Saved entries
====================
Lemma connected_top : connected_poset P -> exists r, forall x, (x <= r)%O.
Proof.
case/andP=> /card_gt0P [x0 _] /forallP/(_ x0) /forallP conn.
have [m x0m max_m] := exists_maximal_ge x0; exists m => y.
have /connectP [p pth ->] := conn y.
elim: p x0 x0m {conn} pth => [|b p IH] a am //= /andP[ab pth].
apply: IH pth; case/orP: ab => [ab|ba]; last exact: le_trans ba am.
have [mb bmb max_mb] := exists_maximal_ge b.
by rewrite -(maximal_ge_unique (le_trans ab bmb) am max_mb max_m).
Qed.

End UniqueCovers.

Lemma rooted_tree_top : rooted_tree_poset P -> exists r, forall x, (x <= r)%O.
Proof. by case/andP=> conn uniq_cover; exact: connected_top. Qed.

Section Rooted.
Variable r : P.
Hypothesis top_r : forall x, (x <= r)%O.

Lemma rooted_star_above : rooted_star_poset P ->
  forall x y, x != r -> (x < y)%O -> y = r.
Proof.
case/andP=> _ /existsP [r' /forallP cover_r'].
have r'r : r' = r.
  apply/eqP/negPn/negP => r'r; have /andP[rr' _] : covers r r'.
    by apply: (implyP (cover_r' r)); rewrite eq_sym.
  by move: (top_r r'); rewrite lt_geF.
subst r'.
move=> x y xr xy; have /andP[_ /forallP no_between] := implyP (cover_r' x) xr.
have := top_r y; rewrite le_eqVlt => /orP[/eqP //|yr].
by have := no_between y; rewrite xy yr.
Qed.

Lemma not_rooted_star_chain : rooted_tree_poset P -> ~~ rooted_star_poset P ->
  exists x p, (x < p)%O /\ (p < r)%O.
Proof.
rewrite /rooted_star_poset => -> /existsPn /(_ r) /forallPn [x].
rewrite negb_imply => /andP[xr]; have xlr : (x < r)%O by rewrite lt_neqAle xr top_r.
by rewrite /covers xlr => /forallPn [p]; rewrite negbK => /andP[xp pr]; exists x, p.
Qed.

End Rooted.

End TreePoset.

Section LinearExtension.
Context {d : Order.disp_t} (P : finPOrderType d).
Local Notation n := #|P|.
Implicit Types (x y : P).

(* An injective key that increases along [<], so ranking by it gives a
   linear extension. *)
Definition linext_key x := card_below x * n + enum_rank x.

Lemma linext_key_lt x y : (x < y)%O -> linext_key x < linext_key y.
Proof.
move=> xy; rewrite /linext_key (leq_trans (_ : _ < (card_below x).+1 * n)) //.
  by rewrite mulSn addnC ltn_add2r.
by rewrite (leq_trans _ (leq_addr _ _)) // leq_mul2r card_below_lt ?orbT.
Qed.

Lemma linext_key_inj : injective linext_key.
Proof.
move=> x y /(congr1 (modn^~ n)); rewrite /linext_key !modnMDl !modn_small //.
by move/val_inj/enum_rank_inj.
Qed.

Lemma linext_rank_lt x : #|[set u | linext_key u < linext_key x]| < n.
Proof.
rewrite -cardsT; apply/proper_card/properP; split; first exact: subsetT.
by exists x; rewrite ?inE ?ltnn.
Qed.

Definition linext : label_fun P := [ffun x => Ordinal (linext_rank_lt x)].

Lemma linext_mono x y : linext_key x < linext_key y -> linext x < linext y.
Proof.
move=> xy; rewrite !ffunE; apply/proper_card/properP; split.
  by apply/subsetP => u; rewrite !inE => /ltn_trans; apply.
by exists x; rewrite !inE ?ltnn.
Qed.

Lemma linext_lt x y : (x < y)%O -> linext x < linext y.
Proof. by move=> xy; apply/linext_mono/linext_key_lt. Qed.

Lemma linext_inj : injective linext.
Proof.
move=> x y e; apply: linext_key_inj.
by case: (ltngtP (linext_key x) (linext_key y)) => // /linext_mono; rewrite e ltnn.
Qed.

Lemma linext_top r : (forall x, (x <= r)%O) -> nat_of_ord (linext r) = n.-1.
Proof.
move=> top_r; rewrite ffunE /=.
have -> : [set u | linext_key u < linext_key r] = [set~ r]; last by rewrite cardsC1.
apply/setP => u; rewrite !inE; case: (eqVneq u r) => [->|ur]; first by rewrite ltnn.
by rewrite linext_key_lt // lt_neqAle ur top_r.
Qed.

End LinearExtension.

Section Fibers.
Context {d : Order.disp_t} (P : finPOrderType d).
Local Notation n := #|P|.
Local Notation labelings := (labelings P).
Implicit Types (L : label_fun P) (x z : P).

Definition fiber L := [set L' in labelings | promoted L' == L].

Lemma mem_labelings L : (L \in labelings) = injectiveb L.
Proof. by rewrite inE. Qed.

Section NonEmpty.
Hypothesis n_gt0 : 0 < n.

Lemma promotion_fiberE L : promotion_fiber L = #|fiber L|.
Proof.
congr #|pred_of_set _|; apply/setP => L'; rewrite !inE.
case: (injectiveb L') => //=; apply/forallP/eqP => [eqL|<- x]; last by rewrite promotedE.
by apply/ffunP => x; apply: val_inj; rewrite /= promotedE //; apply/eqP.
Qed.

Lemma sum_promotion_fiber : \sum_(L in labelings) promotion_fiber L = #|labelings|.
Proof.
rewrite -[RHS]sum1_card [RHS](partition_big (@promoted _ P) (mem labelings)) /=.
  apply: eq_bigr => L _; rewrite promotion_fiberE -sum1_card.
  by apply: eq_bigl => L'; rewrite !inE.
by move=> L; rewrite !mem_labelings => /injectiveP inj; apply/injectiveP/promoted_inj.
Qed.

Lemma unpromote_promoted L : injective L ->
  L = unpromote (promoted L) (promotion_chain L).
Proof.
move=> inj; have [v [t [Lv chainE]]] := promotion_chain_cons n_gt0 inj.
apply/ffunP => y; apply: val_inj.
by rewrite /= unpromoteE chainE (label_prev_promotion inj Lv chainE) promotedE.
Qed.

End NonEmpty.

Variable r : P.
Hypothesis top_r : forall x, (x <= r)%O.

Let n_gt0 : 0 < n. Proof. by apply/card_gt0P; exists r. Qed.

Lemma promotion_fiber_eq0 L : nat_of_ord (L r) != n.-1 -> promotion_fiber L = 0.
Proof.
move=> Lr; rewrite promotion_fiberE //; apply/eqP; rewrite cards_eq0; apply/eqP/setP => L'.
rewrite !inE; apply/negP => /andP[/injectiveP inj /eqP eqL].
by move: Lr; rewrite -eqL promoted_top ?eqxx.
Qed.

Section TopLabel.
Variable L : label_fun P.
Hypothesis inj : injective L.
Hypothesis L_top : nat_of_ord (L r) = n.-1.

Lemma unpromote_in_fiber v t : sorted <%O (v :: t) -> last v t = r ->
  (forall a, a \in v :: t -> a != r -> forall z, (a < z)%O -> L a < L z) ->
  unpromote L (v :: t) \in fiber L.
Proof.
move=> sorted_c last_r L_increasing.
have inj' := unpromote_inj (lt_sorted_uniq sorted_c) inj.
rewrite !inE; apply/andP; split; first exact/injectiveP.
apply/eqP/ffunP => x; apply: val_inj; rewrite /= promotedE //.
by apply: promotion_unpromote; rewrite ?last_r //; exact: top_maximal.
Qed.

Definition star_tail x : seq P := if x == r then [::] else [:: r].

Lemma star_chain_sorted x : sorted <%O (x :: star_tail x).
Proof. by rewrite /star_tail; case: eqVneq => //= xr; rewrite lt_neqAle xr top_r. Qed.

Lemma last_star_tail x : last x (star_tail x) = r.
Proof. by rewrite /star_tail; case: eqVneq. Qed.

Definition star_preimages := [set unpromote L (x :: star_tail x) | x : P].

Lemma unpromote_star_head x : nat_of_ord (unpromote L (x :: star_tail x) x) = 0.
Proof. by apply: unpromote_head; rewrite ?last_star_tail // star_chain_sorted. Qed.

Lemma card_star_preimages : #|star_preimages| = n.
Proof.
rewrite card_imset // => x y e.
apply: (unpromote_inj (lt_sorted_uniq (star_chain_sorted x)) inj); apply: val_inj.
by rewrite /= unpromote_star_head e unpromote_star_head.
Qed.

Lemma unpromote_star_in_fiber x : (forall z, (x < z)%O -> L x < L z) ->
  unpromote L (x :: star_tail x) \in fiber L.
Proof.
move=> L_x; apply: unpromote_in_fiber; rewrite ?star_chain_sorted ?last_star_tail //.
move=> a; rewrite /star_tail; case: eqVneq => [-> | _]; rewrite !inE.
  by move=> /eqP -> /negP.
by case/orP => /eqP -> //; rewrite eqxx.
Qed.

End TopLabel.

Lemma rooted_star_fiber L : rooted_star_poset P -> injective L ->
  nat_of_ord (L r) = n.-1 -> fiber L = star_preimages L.
Proof.
move=> star inj Lr; apply/setP => L'; apply/idP/imsetP => [|[x _ ->]]; last first.
  apply: unpromote_star_in_fiber => // z xz.
  have xr : x != r by rewrite (lt_eqF (lt_le_trans xz (top_r z))).
  by rewrite (rooted_star_above top_r star xr xz) Lr (label_lt_pred_card inj Lr).
rewrite !inE => /andP[/injectiveP inj' /eqP eqL].
have [v [t [Lv chainE]]] := promotion_chain_cons n_gt0 inj'.
exists v => //; rewrite {1}(unpromote_promoted n_gt0 inj') eqL.
rewrite (promotion_chainE inj' Lv); congr unpromote; apply: chain_fromE.
- rewrite /star_tail; case: (eqVneq v r) => [_|vr] //=; rewrite andbT /succ_rel.
  rewrite (@succ_eq_Some _ _ L' v r inj') ?lt_neqAle ?vr ?top_r //.
  by move=> z vz; rewrite (rooted_star_above top_r star vr vz).
- by rewrite last_star_tail; apply/maximal_succ_None/top_maximal.
- by rewrite /star_tail; case: eqVneq.
Qed.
====================
Task to complete » In the records shown above, how many lines include the word "ffunE"? Answer with the number only.

Reply » 2